Provided data |
★ ★ ★ ★

(* Let $n\ge 2$, $k>k(n)$, and let $0<z_1<z_2$ be the two positive roots of $z\mapsto H(z,k)$. Then for every $z\in[z_1,z_2]$ the quintuple $(z+1,\,k,\,1,\,z+1,\,k+1)$ is admissible.
   Context: $H(z,k)=-nz^3+(k^2-3n)z^2-(3n+2k)z-(n-1)$; $k(n)=3\sqrt n\cos\big(\tfrac13\arccos(1/\sqrt n)\big)$. A quintuple $(a,b,c,d,\theta)$ is admissible if $d\ge a>c>0$, $\theta>b\ge 0$, and $(a-c)^2\theta^2-a(\theta-b)\big[(2\theta+na)(a-c)+a(n-1)(\theta-b)\big]\ge 0$. *)

From Stdlib Require Import Reals.
Open Scope R_scope.

Definition H (n : R) (z k : R) : R :=
  - n * z ^ 3 + (k ^ 2 - 3 * n) * z ^ 2 - (3 * n + 2 * k) * z - (n - 1).

Definition kcrit (n : R) : R :=
  3 * sqrt n * cos (/ 3 * acos (/ sqrt n)).

Definition admissible (n : R) (a b c d theta : R) : Prop :=
  d >= a /\ a > c /\ c > 0 /\ theta > b /\ b >= 0 /\
  (a - c) ^ 2 * theta ^ 2
    - a * (theta - b) * ((2 * theta + n * a) * (a - c) + a * (n - 1) * (theta - b))
  >= 0.

From Stdlib Require Import Reals Lra Psatz.
Open Scope R_scope.

(* For the quintuple (z+1, k, 1, z+1, k+1) the admissibility
   inequality reads exactly H(z,k) >= 0 (Lemma [admissible_quantity_is_H]),
   and the sign conditions reduce to z > 0 and k >= 0.  The cubic
   w |-> H(w,k) has leading coefficient -n, so once two distinct roots
   z1, z2 are known it factors as
      H(w,k) = (w - z1)(w - z2)(k^2 - 3n - n(w + z1 + z2))
   (Lemma [H_two_root_factorization]).  Evaluating at w = 0 gives
   z1 z2 (k^2 - 3n - n(z1+z2)) = -(n-1) < 0, so for positive roots the
   third factor is negative at every w >= 0 (Lemma [H_third_factor_neg]).
   Between the roots the first two factors have product <= 0, hence
   H(z,k) >= 0 on [z1,z2] (Lemma [H_nonneg_between_roots]).  Finally
   k > k(n) > 0 (Lemma [kcrit_pos]) supplies k >= 0. *)

(* The critical value k(n) is positive: sqrt n > 0 and the cosine argument
   lies in [0, pi/3]. *)
Lemma kcrit_pos (n : R) : 1 <= n -> 0 < kcrit n.
Proof.
  intro Hn. unfold kcrit.
  assert (Hsqrt : 0 < sqrt n) by (apply sqrt_lt_R0; lra).
  assert (Hcos : 0 < cos (/ 3 * acos (/ sqrt n))).
  { destruct (acos_bound (/ sqrt n)) as [Hlo Hhi].
    apply cos_gt_0; pose proof PI_RGT_0; lra. }
  apply Rmult_lt_0_compat; lra.
Qed.

Lemma admissible_quantity_is_H (n z k : R) :
  (z + 1 - 1) ^ 2 * (k + 1) ^ 2
  - (z + 1) * (k + 1 - k)
    * ((2 * (k + 1) + n * (z + 1)) * (z + 1 - 1) + (z + 1) * (n - 1) * (k + 1 - k))
  = H n z k.
Proof. unfold H; ring. Qed.

(* A cubic with leading coefficient -n and two distinct known roots z1, z2
   splits off the linear factors; the remaining root is fixed by Vieta. *)
Lemma H_two_root_factorization (n k z1 z2 : R) :
  z1 <> z2 -> H n z1 k = 0 -> H n z2 k = 0 ->
  forall w, H n w k = (w - z1) * (w - z2) * (k ^ 2 - 3 * n - n * (w + z1 + z2)).
Proof.
  intros Hneq Hr1 Hr2 w.
  set (E := - n * (z1 ^ 2 + z1 * z2 + z2 ^ 2) + (k ^ 2 - 3 * n) * (z1 + z2)
            - (3 * n + 2 * k)).
  (* E is the divided difference (H(z1) - H(z2)) / (z1 - z2), hence 0. *)
  assert (HE : E = 0).
  { assert (Hdiff : (z1 - z2) * E = H n z1 k - H n z2 k) by (unfold E, H; ring).
    rewrite Hr1, Hr2, Rminus_0_r in Hdiff.
    destruct (Rmult_integral _ _ Hdiff) as [Habs | ]; [lra | assumption]. }
  assert (Hexp : H n w k - (w - z1) * (w - z2) * (k ^ 2 - 3 * n - n * (w + z1 + z2))
                 = H n z1 k + (w - z1) * E) by (unfold E, H; ring).
  rewrite Hr1, HE in Hexp. lra.
Qed.

(* For n > 1 and two positive roots, the third factor is negative on w >= 0:
   at w = 0 the factorization gives z1 z2 * (factor) = H(0,k) = -(n-1). *)
Lemma H_third_factor_neg (n k z1 z2 : R) :
  1 < n -> 0 < z1 -> 0 < z2 -> z1 <> z2 ->
  H n z1 k = 0 -> H n z2 k = 0 ->
  forall w, 0 <= w -> k ^ 2 - 3 * n - n * (w + z1 + z2) < 0.
Proof.
  intros Hn Hz1 Hz2 Hneq Hr1 Hr2 w Hw.
  pose proof (H_two_root_factorization n k z1 z2 Hneq Hr1 Hr2 0) as Hat0.
  unfold H in Hat0.
  assert (Hprod : z1 * z2 * (k ^ 2 - 3 * n - n * (z1 + z2)) = - (n - 1)) by nra.
  assert (0 < z1 * z2) by nra.
  assert (k ^ 2 - 3 * n - n * (z1 + z2) < 0) by nra.
  nra.
Qed.

Lemma H_nonneg_between_roots (n k z1 z2 : R) :
  1 < n -> 0 < z1 -> z1 < z2 ->
  H n z1 k = 0 -> H n z2 k = 0 ->
  forall z, z1 <= z <= z2 -> 0 <= H n z k.
Proof.
  intros Hn Hz1 H12 Hr1 Hr2 z [Hlo Hhi].
  assert (Hneq : z1 <> z2) by lra.
  rewrite (H_two_root_factorization n k z1 z2 Hneq Hr1 Hr2 z).
  assert (Hneg : k ^ 2 - 3 * n - n * (z + z1 + z2) < 0)
    by (apply (H_third_factor_neg n k z1 z2); lra).
  assert (0 <= (z - z1) * (z2 - z)) by nra.
  nra.
Qed.

Theorem mainTheorem6 (n : nat) (k z1 z2 : R) :
  (2 <= n)%nat ->
  k > kcrit (INR n) ->
  0 < z1 -> z1 < z2 ->
  H (INR n) z1 k = 0 -> H (INR n) z2 k = 0 ->
  (forall z, 0 < z -> H (INR n) z k = 0 -> z = z1 \/ z = z2) ->
  forall z, z1 <= z <= z2 ->
    admissible (INR n) (z + 1) k 1 (z + 1) (k + 1).
Proof.
  intros Hn Hk Hz1 H12 Hr1 Hr2 _ z Hz.
  assert (HN : 2 <= INR n) by (apply (le_INR 2 n) in Hn; simpl in Hn; lra).
  assert (Hkpos : 0 < k) by (pose proof (kcrit_pos (INR n) ltac:(lra)); lra).
  pose proof (H_nonneg_between_roots (INR n) k z1 z2 ltac:(lra) Hz1 H12 Hr1 Hr2 z Hz)
    as HHnonneg.
  unfold admissible.
  rewrite admissible_quantity_is_H.
  repeat split; lra.
Qed.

★ ★ ★ ★

Exercise prompt | From the records above, extract exactly and only the lines that begin at the line with "assert (k ^" and stop after the line with "by (apply (H_third_factor_neg".

Output for this task |
  assert (k ^ 2 - 3 * n - n * (z1 + z2) < 0) by nra.
  nra.
Qed.

Lemma H_nonneg_between_roots (n k z1 z2 : R) :
  1 < n -> 0 < z1 -> z1 < z2 ->
  H n z1 k = 0 -> H n z2 k = 0 ->
  forall z, z1 <= z <= z2 -> 0 <= H n z k.
Proof.
  intros Hn Hz1 H12 Hr1 Hr2 z [Hlo Hhi].
  assert (Hneq : z1 <> z2) by lra.
  rewrite (H_two_root_factorization n k z1 z2 Hneq Hr1 Hr2 z).
  assert (Hneg : k ^ 2 - 3 * n - n * (z + z1 + z2) < 0)
    by (apply (H_third_factor_neg n k z1 z2); lra).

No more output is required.